Full Throttle on the Hamster Wheel

Mark Steyn

By Mark Steyn

Published May 22, 2017

Full Throttle on the Hamster Wheel

Andrew Harrer for Bloomberg

As the years roll by, I grow less and less interested in the infernal din of the present - the stuff that won't be important in six weeks' time, never mind six years'. But in today's political coverage the hamster wheel seems to be accelerating. The two big stories of the moment (I use the term literally) are that Trump disclosed classified information to the Russians and that way back in February he leaned on then FBI honcho James Comey to end the investigation into then National Security honcho Michael Flynn.

On the latter story, Flynn is gone, so he's not important. And Comey's gone, so he's not important. But what's important is that The New York Times says that Comey wrote a contemporaneous memo about what Trump said to him about Flynn. The New York Times hasn't seen the memo, but "one of Mr. Comey's associates read parts of the memo to a Times reporter".

Is it an unusually long memo? If not, why not read all of it? Or, indeed, show the thing to the reporter. The actual quote, as with so much of Trump's rhetoric, is capable of different interpretations:

"I hope you can see your way clear to letting this go, to letting Flynn go," Mr. Trump told Mr. Comey, according to the memo. "He is a good guy."

But that's if you believe Comey's recollection is accurate. In his final pratfall before Congress, Comey said under oath that Hillary's lady-in-waiting Huma Abedin had forwarded 100,000 emails to her husband Anthony Weiner. That is not true. Or, if you prefer, it's false. And it's hardly a peripheral matter, either, but one central to the subject of his testimony that day. Yet he completely bungled it.

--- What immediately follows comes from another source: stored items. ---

(* Consider the variation of the temporal graph discovery game in which the Discoverer does not learn the static edge set (only the node set). Let $n,T_{\max}\in\mathbb N^+$, $k\in[n]$, $m\in[\binom n2-n]$ and $\delta\in[T_{\max}]$. Then there is an Adversary such that any algorithm winning this game variation on graphs with $n$ nodes and $m$ edges must take at least $\lfloor nT_{\max}/(2\delta k)\rfloor$ rounds. Moreover, this Adversary picks a graph with at most two $\delta$-edge connected components.
   Context: A temporal graph $\mathcal G=(V,E,\lambda)$ with lifetime $T_{\max}$ consists of a finite undirected static graph $(V,E)$ and a labeling $\lambda:E\to\{1,\dots,T_{\max}\}$; edge $e$ is present only at time $\lambda(e)$. $[x]=\{1,\dots,x\}$. Infection model with parameter $\delta$: a set $S\subseteq V\times[0,T_{\max}]$ of at most $k$ seed infections is given; a seed $(u,t)$ makes $u$ infected at time $t$; otherwise a susceptible node $u$ becomes infected at time $t$ iff some neighbour $v$ infectious at time $t$ has $\lambda(uv)=t$ (exactly one infector recorded if several exist). A node infected at time $t$ is infectious at times $t+1,\dots,t+\delta$ and resistant afterwards. The infection log records triples $(u,v,t)$ ($u$ infected $v$ at time $t$). Game (unknown static graph variant): the Discoverer knows only $V$; each round it submits at most $k$ seeds and the Adversary answers with an infection log consistent with the seeds under some temporal graph on $V$ consistent with all previous answers (adaptive). The Discoverer wins iff the temporal graph (edges and labels) it finally submits equals the Adversary's final temporal graph consistent with all logs. $\delta$-edge connected components: relate two edges sharing an endpoint whose labels differ by at most $\delta$; the classes of the transitive closure are the $\delta$-edge connected components. *)

From mathcomp Require Import all_boot.
Set Implicit Arguments. Unset Strict Implicit. Unset Printing Implicit Defensive.

(* Temporal graph on V = 'I_n with lifetime Tmax, encoded as a finite
   function w on ordered pairs: w (u,v) = 0 means "no edge uv", otherwise
   w (u,v) = lambda(uv) in [1,Tmax]. *)
Definition tgraph (n : nat) := {ffun 'I_n * 'I_n -> nat}.

Definition valid_tgraph n (Tmax : nat) (w : tgraph n) : Prop :=
  (forall u v, w (u, v) = w (v, u)) /\
  (forall u, w (u, u) = 0) /\
  (forall u v, w (u, v) <= Tmax).

Definition edges n (w : tgraph n) : {set 'I_n * 'I_n} :=
  [set p : 'I_n * 'I_n | (p.1 < p.2) && (0 < w p)].

(* a round's query: a set of seed infections (u,t), t in [0,Tmax] *)
Definition seeds n Tmax := {set 'I_n * 'I_Tmax.+1}.
(* an infection log: triples (u,v,t) = "u infected v at time t" *)
Definition tlog n Tmax := {set 'I_n * 'I_n * 'I_Tmax.+1}.

Section Infection.
Variables (n Tmax delta : nat) (S : seeds n Tmax) (w : tgraph n).

Definition seeded (u : 'I_n) (t : nat) : Prop :=
  exists i : 'I_Tmax.+1, (u, i) \in S /\ nat_of_ord i = t.

Definition infectious (tau : 'I_n -> option nat) (v : 'I_n) (t : nat) : Prop :=
  exists s, tau v = Some s /\ s < t <= s + delta.

Definition triggered (tau : 'I_n -> option nat) (u : 'I_n) (t : nat) : Prop :=
  seeded u t \/
  exists v, infectious tau v t /\ 0 < t /\ w (v, u) = t.

(* tau u = infection time of u (None = never infected): a node gets infected
   at the first time it is triggered while still susceptible *)
Definition infection_times (tau : 'I_n -> option nat) : Prop :=
  forall u t, tau u = Some t <->
    (triggered tau u t /\ forall t', t' < t -> ~ triggered tau u t').

Definition log_consistent (L : tlog n Tmax) : Prop :=
  exists tau, infection_times tau /\
   (forall u v (i : 'I_Tmax.+1), (u, v, i) \in L ->
      [/\ tau v = Some (nat_of_ord i), ~ seeded v i,
          infectious tau u i & w (u, v) = i]) /\
   (forall u u' v (i i' : 'I_Tmax.+1),
      (u, v, i) \in L -> (u', v, i') \in L -> u = u') /\
   (forall v t, tau v = Some t -> ~ seeded v t ->
      exists u (i : 'I_Tmax.+1), nat_of_ord i = t /\ (u, v, i) \in L).
End Infection.

Definition ecc_rel n (delta : nat) (w : tgraph n) : rel ('I_n * 'I_n) :=
  fun p q => [&& p \in edges w, q \in edges w,
                 [|| p.1 == q.1, p.1 == q.2, p.2 == q.1 | p.2 == q.2],
                 w p - w q <= delta & w q - w p <= delta].

Definition num_dECC n (delta : nat) (w : tgraph n) : nat :=
  #|[set [set q | connect (ecc_rel delta w) p q] | p in edges w]|.

Definition adversary n Tmax :=
  seq (seeds n Tmax * tlog n Tmax) -> seeds n Tmax -> tlog n Tmax.

Fixpoint play n Tmax (adv : adversary n Tmax)
    (hist : seq (seeds n Tmax * tlog n Tmax)) (qs : seq (seeds n Tmax)) :=
  match qs with
  | [::] => hist
  | q :: qs' => play adv (rcons hist (q, adv hist q)) qs'
  end.

Definition hist_consistent n Tmax delta
    (H : seq (seeds n Tmax * tlog n Tmax)) (w : tgraph n) : Prop :=
  forall q L, (q, L) \in H -> log_consistent delta q w L.

Definition adv_graph n Tmax m delta (w : tgraph n) : Prop :=
  [/\ valid_tgraph Tmax w, #|edges w| = m & num_dECC delta w <= 2].

From mathcomp Require Import all_boot zify.
From Stdlib Require Import ClassicalEpsilon.
Set Implicit Arguments. Unset Strict Implicit. Unset Printing Implicit Defensive.

(* The Adversary hides a secret edge among n * Tmax candidates: the edge
   {i, i+1} of a Hamiltonian cycle on the nodes, with label t + 1, added to a
   fixed background of m - 1 edges which avoid the cycle, carry the label Tmax
   and all meet a star centred at node 0.  Every candidate graph thus has m
   edges and at most two delta-edge connected components.  Every query is
   answered with an infection log of the background alone.  That log stays
   valid for the candidate (i, t) unless an endpoint of {i, i+1} is infectious
   at time t + 1, which (background edges firing only at time Tmax) requires a
   seed (u, s) with u in {i, i+1} and s <= t < s + delta.  A seed thus rules
   out at most 2 delta candidates, and fewer than n Tmax / (2 delta k) rounds
   of k seeds leave two candidates. *)

Section InfectionProcess.
Variables (n Tmax delta : nat) (S : seeds n Tmax) (w : tgraph n).

Definition seededb (v : 'I_n) (t : nat) :=
  [exists i : 'I_Tmax.+1, ((v, i) \in S) && (val i == t)].

Lemma seededP v t : reflect (seeded S v t) (seededb v t).
Proof.
apply: (iffP existsP) => [[i /andP [iS /eqP it]]|[i [iS it]]]; exists i => //.
by rewrite iS -it eqxx.
Qed.

Definition triggeredb (tau : 'I_n -> option nat) (u : 'I_n) (t : nat) :=
  seededb u t || [exists v, [&& (if tau v is Some s then s < t <= s + delta
                                 else false), 0 < t & w (v, u) == t]].

Lemma triggeredP tau u t : reflect (triggered delta S w tau u t) (triggeredb tau u t).
Proof.
apply: (iffP orP) => [[/seededP|/existsP [v /and3P [inf t0 /eqP wt]]]|
                      [/seededP|[v [[s [tv st] [t0 wt]]]]]].
- by left.
- right; exists v; split; last by [].
  by move: inf; case tv: (tau v) => [s|] // st; exists s.
- by left.
- by right; apply/existsP; exists v; rewrite tv st t0 wt eqxx.
Qed.

Lemma triggered_local (tau1 tau2 : 'I_n -> option nat) u t :
  (forall v s, s < t -> tau1 v = Some s -> tau2 v = Some s) ->
  triggered delta S w tau1 u t -> triggered delta S w tau2 u t.
Proof.
move=> tau12 [seed|[v [[s [tv /andP [st ts]] [t0 wt]]]]]; first by left.
by right; exists v; split=> //; exists s; rewrite (tau12 v s) // st.
Qed.

Fixpoint infection_before (t : nat) : 'I_n -> option nat :=
  if t is t'.+1 then fun u =>
    if infection_before t' u is Some s then Some s
    else if triggeredb (infection_before t') u t' then Some t' else None
  else fun _ => None.

Local Notation ib := infection_before.

Definition first_triggered (u : 'I_n) (t : nat) :=
  triggered delta S w (ib t) u t /\ forall t', t' < t -> ~ triggered delta S w (ib t') u t'.

Lemma first_triggered_uniq u s s' : first_triggered u s -> first_triggered u s' -> s = s'.
Proof.
move=> [trs early] [trs' early']; case: (ltngtP s s') => // lt.
- by case: (early' s lt).
- by case: (early s' lt).
Qed.

Lemma infection_before_NoneP t u :
  ib t u = None <-> forall t', t' < t -> ~ triggered delta S w (ib t') u t'.
Proof.
elim: t => [|t IH] //=; case E: (ib t u) => [s|].
  split=> // early; move: E; rewrite (IH.2 _) // => t' lt; apply: early.
  exact: ltnW.
case: (triggeredP (ib t) u t) => trig; split=> //.
- by move=> /(_ t (ltnSn t)).
- move=> _ t'; rewrite ltnS leq_eqVlt => /orP [/eqP -> //|]; exact: (IH.1 E).
Qed.

Lemma infection_beforeP t u s : ib t u = Some s <-> s < t /\ first_triggered u s.
Proof.
elim: t s => [|t IH] s; first by split=> [//|[]].
rewrite /=; case E: (ib t u) => [s0|].
  have [s0t fs0] := (IH s0).1 E.
  split=> [[<-]|[_ fs]]; first by split=> //; exact: ltnW.
  by rewrite (first_triggered_uniq fs0 fs).
have early := (infection_before_NoneP t u).1 E.
have notbefore : forall s, s < t -> ~ first_triggered u s.
  by move=> s' lt fs'; move: E; rewrite ((IH s').2 (conj lt fs')).
case: (triggeredP (ib t) u t) => trig.
  split=> [[<-]|[]]; first by split.
  rewrite ltnS leq_eqVlt => /orP [/eqP -> //|lt fs].
  by case: (notbefore s lt fs).
split=> // [[]]; rewrite ltnS leq_eqVlt => /orP [/eqP -> [] //|lt fs].
by case: (notbefore s lt fs).
Qed.

Lemma infection_before_agree t t' v s :
  s < t -> s < t' -> ib t v = Some s -> ib t' v = Some s.
Proof. by move=> st st' /infection_beforeP [_ fs]; apply/infection_beforeP. Qed.

Hypothesis w_le : forall u v, w (u, v) <= Tmax.

Lemma triggered_le tau u t : triggered delta S w tau u t -> t <= Tmax.
Proof. by case=> [[i [_ <-]]|[v [_ [_ <-]]]]; [rewrite -ltnS|]. Qed.

Definition infection := ib Tmax.+1.

Lemma triggered_infection u t :
  triggered delta S w infection u t <-> triggered delta S w (ib t) u t.
Proof.
split=> trig; have tT := triggered_le trig; apply: triggered_local trig => v s st;
  apply: infection_before_agree => //; exact: leq_trans st (leqW tT).
Qed.

Lemma infection_times_infection : infection_times delta S w infection.
Proof.
move=> u t; rewrite infection_beforeP /first_triggered triggered_infection.
split=> [[_ [trig early]]|[trig early]].
  by split=> // t' lt; rewrite triggered_infection; exact: early.
split; first by rewrite ltnS; exact: triggered_le trig.
by split=> // t' lt; rewrite -triggered_infection; exact: early.
Qed.

Lemma log_exists : exists L, log_consistent delta S w L.
Proof.
have infector v : exists u, forall t, infection v = Some t -> ~ seeded S v t ->
    infectious delta infection u t /\ w (u, v) = t.
  case E: (infection v) => [t|]; last by exists v.
  case: (seededP v t) => [seed|unseeded]; first by exists v => _ [<-].
  have [[//|[u [inf [_ wt]]]] _] := (infection_times_infection v t).1 E.
  by exists u => _ [<-].
have [f fP] := fin_all_exists infector.
exists [set x : 'I_n * 'I_n * 'I_Tmax.+1 | [&& x.1.1 == f x.1.2,
          infection x.1.2 == Some (val x.2) & ~~ seededb x.1.2 x.2]].
exists infection; split; first exact: infection_times_infection.
split; [|split].
- move=> u v i; rewrite inE /= => /and3P [/eqP -> /eqP vi /seededP unseeded].
  by have [inf wt] := fP v i vi unseeded.
- by move=> u u' v i i'; rewrite !inE /= => /and3P [/eqP -> _ _] /and3P [/eqP -> _ _].
- move=> v t vt unseeded; have [_ wt] := fP v t vt unseeded.
  have tT : t < Tmax.+1 by rewrite ltnS -wt.
  exists (f v), (Ordinal tT); split=> //.
  by rewrite inE /= eqxx vt eqxx; apply/seededP.
Qed.

End InfectionProcess.

Section PreferredAnswers.
Variables (n Tmax delta : nat) (admissible : tgraph n -> Prop)
          (pref : seeds n Tmax -> tlog n Tmax).
Hypothesis admissible_answerable :
  forall w (S : seeds n Tmax), admissible w -> exists L, log_consistent delta S w L.

Local Notation history := (seq (seeds n Tmax * tlog n Tmax)).

Definition explainable (H : history) :=
  exists w, admissible w /\ hist_consistent delta H w.

Definition pref_adversary : adversary n Tmax := fun H S =>
  if excluded_middle_informative (explainable (rcons H (S, pref S))) then pref S
  else if excluded_middle_informative (exists L, explainable (rcons H (S, L))) is left ex
  then proj1_sig (constructive_indefinite_description _ ex) else set0.

Lemma hist_consistent_rcons (H : history) S L w :
  hist_consistent delta (rcons H (S, L)) w <->
  hist_consistent delta H w /\ log_consistent delta S w L.
Proof.
split=> [HSw|[Hw Sw] S' L']; last by rewrite mem_rcons inE => /orP [/eqP [-> ->]|/Hw].
by split=> [S' L' HS'|]; apply: HSw; rewrite mem_rcons inE ?HS' ?orbT ?eqxx.
Qed.

Lemma explainable_pref_adversary (H : history) S :
  explainable H -> explainable (rcons H (S, pref_adversary H S)).
Proof.
move=> [w [aw Hw]]; rewrite /pref_adversary.
destruct excluded_middle_informative as [|noS]; first by [].
destruct excluded_middle_informative as [ex|noL].
  exact: (proj2_sig (constructive_indefinite_description _ ex)).
have [L wL] := admissible_answerable S aw.
by case: noL; exists L, w; split=> //; apply/hist_consistent_rcons.
Qed.

Lemma explainable_play (H : history) qs :
  explainable H -> explainable (play pref_adversary H qs).
Proof.
by elim: qs H => [|S qs IH] H //= HH; apply/IH/explainable_pref_adversary.
Qed.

Nevertheless, if this partially read memo is as the Times characterized it ("Comey Memo Says Trump Asked Him to End Flynn Investigation"), that would be a very serious matter. Comey had several options:

1) He could have reported Trump's attempted interference to the Department of Justice (as he was obliged to do);

2) He could have disclosed it to the Senate Intelligence Committee chairman Richard Burr;

3) He could have resigned on principle.

Instead, he did nothing - because, according to "Mr Comey's associate", "they [Comey and his 'associates'] decided that they would try to keep the conversation secret ...so the details of the conversation would not affect the investigation." Presumably "Mr Comey's associate" is no longer worried it will "affect the investigation", so three months later he's leaking it.

A leaker is not a disinterested provider of information, but a character in the drama, with his own motivations. For example, the most famous leaker in FBI history - "Deep Throat" of Watergate - turned out to be not a high-minded whistle-blower but "a disaffected sidekick of J Edgar Hoover, an old-school G-man embittered at being passed over for the director's job when the big guy keeled over after half-a-century in harness. And, whatever Mr Felt's motives, it wasn't because of a distaste for illegal break-ins: at the FBI, he himself had authorised illegal burglaries at the homes of friends and family of various leftists." A leaker is not a "source" - a passive repository of information - but a player in the drama seeking to manipulate the narrative to his own advantage.

Which brings us to this business of Trump's meeting with the Russian Foreign Minister. As this Vice Tweeter agonizes:

An allied informant is likely being tortured to death as we speak, thanks ONLY to Trump's big mouth.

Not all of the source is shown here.